The old Indians still made maps on the sand for them, showing them how they would come to the great river where the salmon came. They were now among yet another people--the Nez Percés. With these also they smoked and counciled, and learned that it would be easy for boats to go all the way down to the great river which ran to the sea.

"We will leave our horses here," said Lewis. "We will take to the boats once more."

So Gass and Bratton and Shields and all the other artisans fell to fashioning dugouts from the tall pines and cedars, hewing and burning and shaping, until at length they had transports for their scanty store of goods. By the first week of October they were at the junction of their river with the Snake. An old medicine man of the Nez Percés, Twisted Hair, a man who also could make maps, had drawn them charts on a white skin with a bit of charcoal. And on ahead, mounted runners of the Indians rushed down to inform the tribes of the coming of these strange people.

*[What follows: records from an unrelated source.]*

(* ---------- Elements of G_NAP ---------------------------------------------
   A series f = sum_t G_t(f) t over unlabelled rooted trees is represented by
   its coefficient function G_(.)(f) on labelled rooted trees, required to be
   invariant under isomorphism, with coefficient 1 on the one-vertex tree. *)
Definition in_GNAP (f : ltree -> rat) : Prop :=
  (forall t1 t2, tree t1 -> tree t2 -> tree_iso t1 t2 -> f t1 = f t2) /\
  (forall t, tree t -> #|ltV t| = 1%N -> f t = 1).

(* f lies in the image of Spec H_NAP under rho^*:
   G_t(f) = chi(rho(G_t)) = chi(F_[t]) / #Aut(t) for some character chi. *)
Definition in_image_SpecHNAP (f : ltree -> rat) : Prop :=
  exists chi, HNAP_character chi /\
    forall t, tree t -> f t = chi [:: t] / (nAut (ltp t))%:R.

Arguments branch : clear implicits.

From HB Require Import structures.
From mathcomp Require Import all_boot all_order all_algebra.
From mathcomp Require Import fingroup perm.
From Stdlib Require Import ProofIrrelevance Setoid.

(* The interval [0^, t] of Pi_NAP is isomorphic to the lattice of downsets of
   the non-roots of t ordered by ancestry (a forest below t is determined by
   the edges of t it keeps), and a product of intervals to the downsets of the
   disjoint union of the trees.  By Birkhoff's theorem an isomorphism of two
   such lattices comes from an ancestry-preserving bijection between
   non-roots; it matches the children of the roots and their branches.
   Hence [0^, B(r, t_1, ..., t_k)] is isomorphic to the product of the
   [0^, B(r, t_i)], so a character of H_NAP satisfies the identity.
   Conversely, under the identity, L |-> prod_(t in L) #Aut(t) G_t(f) equals
   the product of #Aut(b) G_b(f) over the root branches b of the forest of L,
   which only depends on the isomorphism class of the product of intervals;
   so it is a character chi with chi(F_[t]) = #Aut(t) G_t(f). *)

Set Implicit Arguments. Unset Strict Implicit. Unset Printing Implicit Defensive.
Import GRing.Theory Num.Theory.

(** * Forests as parent maps *)

Section ParentMap.
Variables (T : finType) (p : {ffun T -> T}).

Definition acyclic := forall n x, iter n p x = x -> n = 0 \/ p x = x.

Definition ancestor u x := exists n, iter n p x = u.

Definition root_child x := (p x != x) && (p (p x) == p x).

Lemma root_child_nonroot x : root_child x -> p x != x.
Proof. by case/andP. Qed.

Lemma iter_fixed n y : p y = y -> iter n p y = y.
Proof. by move=> hy; elim: n => //= n ->. Qed.

Lemma forest_iter_ge (F : is_forest p) m x :
  #|T| <= m -> iter m p x = iter #|T| p x.
Proof.
move=> hm; rewrite -(subnK hm) iterD; apply: iter_fixed.
by move/forallP: F => /(_ x) /eqP.
Qed.

Lemma forest_acyclic : is_forest p -> acyclic.
Proof.
move=> F [|n] x hx; first by left.
right; have hk k : iter (k * n.+1) p x = x.
  by elim: k => // k IH; rewrite mulSn iterD IH hx.
have := hk #|T|; rewrite forest_iter_ge ?leq_pmulr // => <-.
by move/forallP: F => /(_ x) /eqP.
Qed.

(* Pigeonhole: two of the #|T|.+1 first iterates coincide, and acyclicity
   forces the earlier one to be a root. *)
Lemma acyclic_iter_root : acyclic -> forall x, p (iter #|T| p x) = iter #|T| p x.
Proof.
move=> A x.
have : ~~ injectiveb (fun k : 'I_#|T|.+1 => iter k p x).
  by apply/negP => /injectiveP /leq_card; rewrite card_ord ltnn.
case/injectivePn => i [j] nij hij.
wlog lt_ij : i j nij hij / i < j.
  move=> W; case: (ltngtP i j) => h; first exact: W h.
    by apply: (W j i) => //; rewrite eq_sym.
  by move: nij; rewrite (val_inj h) eqxx.
have hr : p (iter i p x) = iter i p x.
  have := A (j - i) (iter i p x); rewrite -iterD subnK ?(ltnW lt_ij) //.
  by case=> // /eqP; rewrite subn_eq0 leqNgt lt_ij.
have hi : i <= #|T| by rewrite -ltnS.
by rewrite -(subnK hi) iterD iter_fixed.
Qed.

Lemma forestP : is_forest p <-> acyclic.
Proof.
split; first exact: forest_acyclic.
by move=> A; apply/forallP => x; rewrite acyclic_iter_root.
Qed.

Lemma ancestor_refl x : ancestor x x. Proof. by exists 0. Qed.

Lemma ancestor_parent x : ancestor (p x) x. Proof. by exists 1. Qed.

Lemma ancestor_trans u v x : ancestor u v -> ancestor v x -> ancestor u x.
Proof. by move=> [m hm] [n hn]; exists (m + n); rewrite iterD hn. Qed.

Lemma ancestor_of_parent u x : ancestor u (p x) -> ancestor u x.
Proof. by move/ancestor_trans; apply; apply: ancestor_parent. Qed.

Lemma ancestor_strict u x : ancestor u x -> u != x -> ancestor u (p x).
Proof. by move=> [[|n] hn] hux; [rewrite -hn eqxx in hux | exists n; rewrite -iterSr]. Qed.

Lemma ancestor_root u r : p r = r -> ancestor u r -> u = r.
Proof. by move=> hr [n <-]; rewrite iter_fixed. Qed.

Lemma ancestor_nonroot v x : ancestor v x -> p v != v -> p x != x.
Proof. by move=> h; apply: contraNneq => hx; rewrite (ancestor_root hx h) hx. Qed.

Lemma root_child_ancestors x :
  root_child x <-> p x != x /\ forall u, p u != u -> ancestor u x -> u = x.
Proof.
rewrite /root_child; split=> [/andP[hx /eqP ht]|[hx H]].
  split=> // u hu [[|n] hn] //; move: hu; rewrite -hn iterSr iter_fixed //.
  by rewrite ht eqxx.
rewrite hx; apply/negPn/negP => hq.
by have := H (p x) hq (ancestor_parent x) => e; rewrite e eqxx in hx.
Qed.

Hypothesis pA : acyclic.

Lemma ancestor_antisym a b : ancestor a b -> ancestor b a -> a = b.
Proof.
move=> [m hm] [n hn].
have : iter (n + m) p b = b by rewrite iterD hm.
case/pA => [/eqP|hb]; last by rewrite -hm iter_fixed.
by rewrite addn_eq0 => /andP[_ /eqP m0]; rewrite -hm m0.
Qed.

Lemma descP c x : reflect (ancestor c x) (desc p c x).
Proof.
have F : is_forest p by apply/forestP.
apply: (iffP existsP) => [[n /eqP hn]|[n hn]]; first by exists n.
case: (leqP n #|T|) => h; first by exists (Ordinal (h : n < #|T|.+1)); rewrite hn.
by exists ord_max; rewrite /= -(forest_iter_ge F _ (ltnW h)) hn.
Qed.

Definition depth x := ex_minn (ex_intro (fun n => p (iter n p x) == iter n p x)
  #|T| (introT eqP (acyclic_iter_root pA x))).

Lemma depth_parent_lt z : p z != z -> depth (p z) < depth z.
Proof.
move=> hz; rewrite /depth; case: ex_minnP => m _ hm.
case: ex_minnP => [[|k] hk _]; first by rewrite /= (negbTE hz) in hk.
by apply: hm; rewrite -iterSr.
Qed.

End ParentMap.

(** * The interval [0^, p] as a lattice of downsets *)

Section Downsets.
Variables (T : finType) (p : {ffun T -> T}).

(* A forest of the interval
   [0^, p] is determined by the set of edges v -- p v it keeps, and since
   covers only join a root to a root, these sets are closed under children. *)
Definition downset (S : {set T}) : bool :=
  (S \subset [set v | p v != v]) && [forall z, (p z \in S) ==> (z \in S)].

Definition downset_type := {S : {set T} | downset S}.

Definition downsets : poset := @Poset downset_type (fun A B => val A \subset val B).

Lemma downsetP (S : {set T}) :
  reflect ((forall v, v \in S -> p v != v) /\ (forall z, p z \in S -> z \in S))
          (downset S).
Proof.
apply: (iffP andP) => [[/subsetP h /forallP h2]|[h h2]]; split.
- by move=> v /h; rewrite inE.
- by move=> z; move: (h2 z) => /implyP.
- by apply/subsetP => v /h; rewrite inE.
- by apply/forallP => z; apply/implyP; apply: h2.
Qed.

Lemma downset0 : downset set0.
Proof. by apply/downsetP; split => v; rewrite inE. Qed.

Definition downset0_elt : downset_type := Sub set0 downset0.

End Downsets.

Section NapOrder.
Variable I : finType.
Implicit Types x y z : {ffun I -> I}.

Lemma nap_le_parent x y : nap_le x y -> forall v, x v != v -> y v = x v.
Proof.
elim=> // {}x {}y z [_ [a [b [_ hxa _ ->]]]] _ IH v hv.
have hva : v != a by apply: contraNneq hv => ->; rewrite hxa.
by rewrite IH ffunE (negbTE hva).
Qed.

Lemma nap_le_nonroot_no_new_child x y v w :
  nap_le x y -> x v != v -> x w = w -> y w != v.
Proof.
move=> hle; elim: hle v w => [{}x _|{}x x' {}y [_ [a [b [hab hxa hxb ex']]]] hle IH] v w hv hw.
  by rewrite hw; apply: contraNneq hv => <-; rewrite hw.
have hva : v != a by apply: contraNneq hv => ->; rewrite hxa.
have [hwa|hwa] := eqVneq w a; last first.
  by apply: IH; rewrite ex' ffunE ?(negbTE hwa) ?(negbTE hva).
have hx'a : x' a = b by rewrite ex' ffunE eqxx.
rewrite hwa (nap_le_parent hle) hx'a; last by rewrite eq_sym.
by apply: contraNneq hv => <-; rewrite hxb.
Qed.

End NapOrder.

Section Interval.
Variables (I : finType) (p : {ffun I -> I}).
Hypothesis p_forest : is_forest p.

Definition subforest (S : {set I}) : {ffun I -> I} :=
  [ffun v => if v \in S then p v else v].

Definition nonroots (x : {ffun I -> I}) : {set I} := [set v | x v != v].

Lemma subforestE S v : subforest S v = if v \in S then p v else v.
Proof. by rewrite ffunE. Qed.

Lemma subforest_forest S : is_forest (subforest S).
Proof.
apply/forallP => v; apply/eqP.
have follows_p n : subforest S (iter n (subforest S) v) != iter n (subforest S) v ->
    iter n (subforest S) v = iter n p v.
  elim: n => [|n IH] //= h.
  have h' : subforest S (iter n (subforest S) v) != iter n (subforest S) v.
    by apply: contraNneq h => e; rewrite e e.
  rewrite -(IH h'); move: h'; rewrite subforestE.
  by case: ifP => _; rewrite ?eqxx.
apply/eqP/negPn/negP => hy.
have := hy; rewrite subforestE (follows_p _ hy); case: ifP => _; last by rewrite eqxx.
by move/forallP: p_forest => /(_ v) /eqP ->; rewrite eqxx.
Qed.

Lemma interval_subforest x :
  nap_le x p -> x = subforest (nonroots x) /\ downset p (nonroots x).
Proof.
move=> hx; split.
  apply/ffunP => v; rewrite subforestE inE; case: ifP => h.
    by rewrite (nap_le_parent hx h).
  by move/negbFE/eqP: h.
apply/downsetP; split => [v|z]; first by rewrite inE => h; rewrite (nap_le_parent hx h).
rewrite !inE => h; apply/negP => /eqP hz.
by have := nap_le_nonroot_no_new_child hx h hz; rewrite eqxx.
Qed.

(* Add the edges of U :\: S one at a time, deepest vertex first, so that each
   step joins two roots. *)
Lemma nap_le_subforest S U : downset p S -> downset p U -> S \subset U ->
  nap_le (subforest S) (subforest U).
Proof.
have A := forest_acyclic p_forest.
move eqk : #|U :\: S| => k; elim: k S eqk => [|k IH] S hk gS gU sSU.
  have -> : S = U.
    by apply/eqP; rewrite eqEsubset sSU /= -setD_eq0 -cards_eq0 hk.
  exact/nap_le_refl/subforest_forest.
have [v0 hv0] : exists v, v \in U :\: S by apply/card_gt0P; rewrite hk.
case: (@arg_maxnP _ v0 (mem (U :\: S)) (depth A) hv0) => v hv vmax.
move: hv; rewrite !inE => /andP[hvS hvU].
case/downsetP: (gS) => gS1 gS2; case/downsetP: (gU) => gU1 gU2.
have hvr : p v != v by apply: gU1.
have hpv : p v \notin S by apply: contra hvS; apply: gS2.
have gvS : downset p (v |: S).
  apply/downsetP; split => [u|z].
    by rewrite !inE => /orP[/eqP ->|/gS1].
  rewrite !inE => /orP[/eqP hz|/gS2 ->]; last by rewrite orbT.
  have [//|hzv] := eqVneq z v.
  have hzU : z \in U by apply: gU2; rewrite hz.
  have hzr : p z != z by rewrite hz eq_sym.
  have lt := depth_parent_lt A hzr; rewrite hz in lt.
  apply/orP; right; apply/negPn/negP => hzS.
  by have := vmax z; rewrite !inE hzS hzU => /(_ isT) /(leq_trans lt); rewrite ltnn.
apply: (@nap_le_step _ _ (subforest (v |: S))).
  split; first exact: subforest_forest.
  exists v, (p v); split.
  - by rewrite eq_sym.
  - by rewrite subforestE (negbTE hvS).
  - by rewrite subforestE (negbTE hpv).
  apply/ffunP => w; rewrite ffunE !subforestE !inE.
  by case: (eqVneq w v) => [->|].
apply: IH => //; last first.
  by apply/subsetP => u; rewrite !inE => /orP[/eqP ->//|]; apply/subsetP.
apply/eqP; rewrite -eqSS -hk.
have -> : U :\: S = v |: (U :\: (v |: S)).
  apply/setP => u; rewrite !inE; case: (eqVneq u v) => [->|] //=.
  by rewrite hvS hvU.
by rewrite cardsU1 !inE eqxx.
Qed.

End Interval.

Lemma poset_iso_sym P Q : poset_iso P Q -> poset_iso Q P.
Proof. by move=> [g [h [gK hK H]]]; exists h, g; split => // a b; rewrite H !hK. Qed.

Lemma poset_iso_trans P Q R : poset_iso P Q -> poset_iso Q R -> poset_iso P R.
Proof.
move=> [g [h [gK hK H]]] [g' [h' [gK' hK' H']]].
exists (g' \o g), (h \o h'); split => [a|a|a b] /=; by rewrite ?gK' ?gK ?hK ?hK' ?H ?H'.
Qed.

Lemma poset_iso_prod P P' Q Q' : poset_iso P P' -> poset_iso Q Q' ->
  poset_iso (prod_poset P Q) (prod_poset P' Q').
Proof.
move=> [g [h [gK hK H]]] [g' [h' [gK' hK' H']]].
exists (fun a => (g a.1, g' a.2)), (fun a => (h a.1, h' a.2)).
by split => [[a b]|[a b]|[a b] [c d]] /=; rewrite ?gK ?gK' ?hK ?hK' ?H ?H'.
Qed.

Lemma proj1_sig_inj (A : Type) (P : A -> Prop) : injective (@proj1_sig A P).
Proof. by move=> [a pa] [b pb] /= e; subst b; rewrite (proof_irrelevance _ pa pb). Qed.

It was no longer an exploration, but a reception for them now. Bands of red men, who welcomed them, had heard of white men coming up from the sea. White men had once lived by the Tim-Tim water, on the great river of the salmon--so they had been told; but never had any living Indian heard of white men coming across the great mountains from the sunrise.

"Will," said Lewis, "it is done--we are safe now! We shall be first across to the Columbia. This--" he shook the Nez Percés' scrawled hide--"is the map of a new world!"